In the context of a problem solved with the finite element method on a cut mesh of \(\Omega\), the selected solution space does not inherently incorporate Dirichlet conditions (as in lifting).

Ghost penalty

A challenge arises for cut integrals, as they depend only on the physical part of elements \(\Gamma_K\) and \(\Omega_K\). Certain elements may have minimal intersection with the physical domain \(\Omega\), as depicted in Figure 11. For Nitsche’s method this can result in a penalty parameter tending to \(\infty\) (see Figure 11). Furthermore, cut elements like those shown in Figure 12 result in ill-conditioning of the system matrix.

_images/exemple_1_verysmallIntersection.png — Figure 11 Example of very small intersections with the physical domain \(\Omega\) leading to a lack of stability.

_images/exemple_2_verysmallIntersection.png — Figure 12 Example of very small intersections with the physical domain \(\Omega\) leading to an ill-conditioning.

To address these issues, one approach is to modify the formulation to depend on the active domain \(\Omega_{h}\), as illustrated by the green domain in Figure 3.This extension of the problem formulation from the physical domain (\(\Omega\)) to the active domain (\(\Omega_{h}\)) should be done accurately, ensuring that terms vanish optimally with mesh refinement and smoothness of the solution. One way to achieve such an extension is the ghost penalty stabilization method [Bur10]. The concept involves introducing a penalization term on the elements intersected by the interface \(\Gamma\). This method extends coercivity to the entire domain without compromising convergence properties.
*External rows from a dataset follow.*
(* For every integer $t$, \[ \sum_{n=1}^\infty\binom{2n}{n}\frac{O_n}{8^n}L_{n+t}=\sqrt2\,L_{t+1}\ln\alpha+\frac{\sqrt{10}\,\ln2}{2}F_{t+1},\qquad \sum_{n=1}^\infty\binom{2n}{n}\frac{O_n}{8^n}F_{n+t}=\sqrt2\,F_{t+1}\ln\alpha+\frac{\ln2}{\sqrt{10}}L_{t+1}, \] and, more generally, for every gibonacci sequence $(G_j)=(G_j(a,b))$, \[ \sum_{n=1}^\infty\binom{2n}{n}\frac{O_n}{8^n}G_{n+t}=\sqrt2\,G_{t+1}\ln\alpha+\frac{\ln2}{\sqrt{10}}\bigl(G_{t+2}+G_t\bigr). \]
   Context: $O_n=\sum_{j=1}^n\frac1{2j-1}$. $F_n$ and $L_n$ are the Fibonacci and Lucas numbers ($F_0=0,F_1=1$, $L_0=2,L_1=1$, $u_n=u_{n-1}+u_{n-2}$), extended to all integers by the recurrence. $\alpha=(1+\sqrt5)/2$, $\beta=-1/\alpha$, so $F_n=(\alpha^n-\beta^n)/(\alpha-\beta)$, $L_n=\alpha^n+\beta^n$. For numbers $a,b$ not both zero, the gibonacci sequence $G_j=G_j(a,b)$ is defined by $G_0=a$, $G_1=b$, $G_j=G_{j-1}+G_{j-2}$, extended to negative indices by $G_{-j}=G_{-(j-2)}-G_{-(j-1)}$; equivalently $G_j=\frac{(b-a\beta)\alpha^j+(a\alpha-b)\beta^j}{\alpha-\beta}$. *)

From Stdlib Require Import Reals ZArith Lia.
From Coquelicot Require Import Coquelicot.
Open Scope R_scope.

Fixpoint Oh (n : nat) : R :=
  match n with
  | O => 0
  | S m => Oh m + / (2 * INR (S m) - 1)
  end.

Fixpoint gib_pos_pair (a b : R) (n : nat) : R * R :=
  match n with
  | O => (a, b)
  | S m => let p := gib_pos_pair a b m in (snd p, fst p + snd p)
  end.
Definition gib_pos (a b : R) (n : nat) : R := fst (gib_pos_pair a b n).

(* H_j = G_{-j}, pairs (H_j, H_{j+1}); H_0 = a, H_1 = G_{-1} = b - a,
   and G_{-(j+2)} = G_{-j} - G_{-(j+1)}. *)
Fixpoint gib_neg_pair (a b : R) (n : nat) : R * R :=
  match n with
  | O => (a, b - a)
  | S m => let p := gib_neg_pair a b m in (snd p, fst p - snd p)
  end.
Definition gib_neg (a b : R) (n : nat) : R := fst (gib_neg_pair a b n).

Definition gib (a b : R) (j : Z) : R :=
  match j with
  | Z0 => a
  | Zpos p => gib_pos a b (Pos.to_nat p)
  | Zneg p => gib_neg a b (Pos.to_nat p)
  end.

Definition Fib (j : Z) : R := gib 0 1 j.
Definition Luc (j : Z) : R := gib 2 1 j.

Definition alpha : R := (1 + sqrt 5) / 2.

Definition term (u : Z -> R) (t : Z) (n : nat) : R :=
  Binomial.C (2 * n)%nat n * Oh n / 8 ^ n * u (Z.of_nat n + t)%Z.

From Stdlib Require Import Reals ZArith Lia Lra.
From Coquelicot Require Import Coquelicot.
Open Scope R_scope.
Lemma lset_inj : injective (@lset m n).
Proof. exact: val_inj. Qed.

Lemma q6leE (b c : bool) (i j : 'I_n) :
  q6le m (b, i) (c, j) = ((b == c) && (i == j)) || [&& ~~ b, c & (i != j) || (m <= i)].
Proof. by rewrite /q6le xpair_eqE. Qed.

Lemma q6le_refl x : q6le m x x.
Proof. by rewrite /q6le eqxx. Qed.

Lemma q6le_bot x (i : 'I_n) : q6le m x (false, i) -> x = (false, i).
Proof. by case: x => [[] j]; rewrite q6leE /= ?andbF ?orbF // => /eqP ->. Qed.

Lemma q6le_top x (i : 'I_n) : q6le m (true, i) x -> x = (true, i).
Proof. by case: x => [[] j]; rewrite q6leE /= ?andbF ?orbF // => /eqP ->. Qed.

Lemma q6le_anti x y : q6le m x y -> q6le m y x -> x = y.
Proof. by case: x y => [[] i] [[] j]; rewrite !q6leE /= ?andbF ?orbF ?andbT // => /eqP ->. Qed.

Lemma q6le_no_chain x y z : q6le m x y -> q6le m y z -> x != y -> y != z -> False.
Proof.
rewrite /q6le => /orP [/eqP -> |/and3P [_ y1 _]]; first by rewrite eqxx.
by case/orP => [/eqP -> | /and3P [ny1 _ _]]; [rewrite eqxx | rewrite y1 in ny1].
Qed.

Lemma zetaK : involutive (@zeta n).
Proof. by case=> b i; rewrite /zeta /= negbK. Qed.

Lemma q6le_zetaE x y : q6le m (zeta x) (zeta y) = q6le m y x.
Proof. by apply/idP/idP => [/q6le_zeta|/q6le_zeta //]; rewrite !zetaK. Qed.

Lemma L6_decreasing X x y : y \in lset X -> q6le m x y -> x \in lset X.
Proof. by move: (lsetP X) => /decreasingP; apply. Qed.

Lemma in_join X Y x : (x \in lset (@pjoin (L6 m n) X Y)) = (x \in lset X) || (x \in lset Y).
Proof. by rewrite inE. Qed.

Lemma in_meet X Y x : (x \in lset (@pmeet (L6 m n) X Y)) = (x \in lset X) && (x \in lset Y).
Proof. by rewrite inE. Qed.

Lemma in_star X x :
  (x \in lset (@pstar (L6 m n) X)) = ~~ [exists y in lset X, q6le m y x].
Proof. by rewrite !inE. Qed.

Lemma in_neg X x : (x \in lset (@pneg (L6 m n) X)) = (zeta x \notin lset X).
Proof. by rewrite inE. Qed.

Lemma in_bot x : (x \in lset (@pbot (L6 m n))) = false.
Proof. by rewrite inE. Qed.

Lemma in_top x : (x \in lset (@ptop (L6 m n))) = true.
Proof. by rewrite inE. Qed.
CutFEM Weak formulation of Linear elasticity

To solve the primal problem with CutFEM we define the space of Lagrange finite elements of order \(k\) (denoted \(\mathbb{P}_{k}\)) as

(15)\[V_{h,k}:=\left\{ v\in V\left(D\right)\cap\left[C^{0}\left(D\right)\right]^{d}\mid v_{\mid K}\in\left[\mathbb{P}_{k}\left(K\right)^{d}\text{ for all }K\in\mathcal{K}_{\;h}\right]\right\}\]
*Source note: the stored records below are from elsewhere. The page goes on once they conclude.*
Lemma nlevel_logconcave i : 0 < i -> nlevel i.-1 * nlevel i.+1 <= nlevel i ^ 2.
Proof.
move=> i_gt0; have [->|] := posnP (nlevel i.+1); first by rewrite muln0.
rewrite card_gt0 => /set0Pn [x2]; rewrite inE => /eqP cwt_x2.
have [p2 p2_step] : exists2 p2, p2 \in steps & cwt (step x2 p2) = i.
  by have := @cwt_step_down x2; rewrite cwt_x2; apply.
set x1 := step x2 p2 => cwt_x1.
have [p1 p1_step] : exists2 p1, p1 \in steps & cwt (step x1 p1) = i.-1.
  by have := @cwt_step_down x1; rewrite cwt_x1; apply.
set x0 := step x1 p1 => cwt_x0.
have up_x0 : cwt (step x0 (step_inv p1)) = (cwt x0).+1.
  by rewrite stepK cwt_x0 cwt_x1 prednK.
have up_x1 : cwt (step x1 (step_inv p2)) = (cwt x1).+1.
  by rewrite stepK cwt_x1 cwt_x2.
have b0_gt0 : 0 < bnum x0.
  by apply/card_gt0P; exists (step_inv p1); rewrite inE step_inv_steps p1_step up_x0 /=.
have c2_gt0 : 0 < cnum x2.
  by apply/card_gt0P; exists p2; rewrite inE p2_step cwt_x1 cwt_x2 /=.
have b1_le_b0 : bnum x1 <= bnum x0 by rewrite -(stepK p1 x1); apply: bnum_step_up.
have c1_le_c2 : cnum x1 <= cnum x2 by rewrite -(stepK p2 x2); apply: cnum_step_up.
have edge01 := nlevel_bnum cwt_x0 (etrans cwt_x1 (esym (prednK i_gt0))).
have edge12 := nlevel_bnum cwt_x1 cwt_x2.
rewrite prednK // in edge01.
rewrite -(@leq_pmul2r (bnum x0 * cnum x2)) ?muln_gt0 ?b0_gt0 //.
rewrite mulnACA edge01 -edge12 mulnACA expnS expn1 leq_mul2l [cnum x1 * _]mulnC.
by rewrite leq_mul ?orbT.
Qed.

Hypothesis subC : forall x y, x \in C -> y \in C -> (x - y)%R \in C.

Lemma addC x y : x \in C -> y \in C -> (x + y)%R \in C.
Proof. by move=> Cx Cy; have := subC Cx (subC C0 Cy); rewrite sub0r opprK. Qed.

Lemma eq_cosetE x u : (coset C x == coset C u) = (x \in coset C u).
Proof.
apply/eqP/idP => [<-|]; first exact: coset_self.
rewrite mem_coset => Cxu; apply/setP => w; rewrite !mem_coset.
apply/idP/idP => Cw.
- by rewrite -(subrK x w) -addrA; apply: addC.
- by rewrite -(subrK u w) -addrA -(opprB x u); apply: subC.
Qed.

Lemma card_coset x : #|coset C x| = #|C|.
Proof. by apply: card_imset; apply: addrI. Qed.

Lemma nlevel_ncosets m : nlevel m = ncosets_wt C m * #|C|.
Proof.
rewrite /nlevel -sum1_card (partition_big (coset C)
  (fun D => D \in [set D in cosets C | coset_wt D == m])) => [|x]; last first.
  by rewrite !inE => /eqP <-; rewrite eqxx andbT imset_f.
rewrite /ncosets_wt -sum_nat_const; apply: eq_bigr => D; rewrite inE.
case/andP => /imsetP [u _ ->] /eqP cwt_u.
rewrite -(card_coset u) -sum1_card; apply: eq_bigl => x; rewrite !inE eq_cosetE.
apply/andP/idP => [[]//|Cx]; split=> //.
by rewrite -cwt_u /cwt; have /eqP -> : coset C x == coset C u by rewrite eq_cosetE.
Qed.

End CosetLevels.

Theorem corollary5 (F : finFieldType) (n k : nat) (G : 'M[F]_(k, n)) :
  generator_matrix G -> projective G -> completely_regular (code G) ->
  forall i : nat, 1 <= i <= (covering_radius (code G)).-1 ->
    ncosets_wt (code G) i.-1 * ncosets_wt (code G) i.+1
      <= ncosets_wt (code G) i ^ 2.
Proof.
move=> _ _ CR i /andP [i_gt0 _].
have C0 : 0%R \in code G by rewrite inE sub0mx.
have subC x y : x \in code G -> y \in code G -> (x - y)%R \in code G.
  by rewrite !inE => Cx Cy; rewrite addmx_sub ?eqmx_opp.
have C_gt0 : 0 < #|code G| by apply/card_gt0P; exists 0%R.
have := nlevel_logconcave C0 CR i_gt0; rewrite !(nlevel_ncosets C0 subC).
by rewrite mulnACA expnMn mulnn leq_pmul2r // expn_gt0 C_gt0.
Qed.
and the finite element space on the active part of the mesh

(16)\[V_{h,k,\Omega}\left(\Omega_{h}\right):=V_{h,k}\mid_{\Omega_{h}}.\]

The problem formulation (4) with the finite element method on \(\mathcal{K}_{\;h}\) is: Find \(u_{h}\in V_{h,k,\Omega}\left(\Omega_{h}\right)\) such that for all \(v\in V_{h,k,\Omega}\left(\Omega_{h}\right)\)

(17)\[a\left(u_{h},v\right)+h^{2}j_{h}\left(\mathcal{F}_{h,G,\Omega};u_{h},v\right) + N_{\Gamma_{D}}\left(u_{h},v\right)=l\left(v\right)\]

with

(18)\[j_{h}\left(\mathcal{F}_{h,\Omega},u,v\right)=\sum_{F\in\mathcal{F}_{h,\Omega}}\sum_{l=1}^{k}\gamma_{a}h^{2l-1}\left(\left[\partial_{n_{F}}^{l}u\right],\left[\partial_{n_{F}}^{l}v\right]\right)_{L^{2}\left(F\right)}\text{ where }\gamma_{a}>0\]

Here,

(19)\[\left[v\right]=v\mid_{K_{+}}-v\mid_{K_{-}}\]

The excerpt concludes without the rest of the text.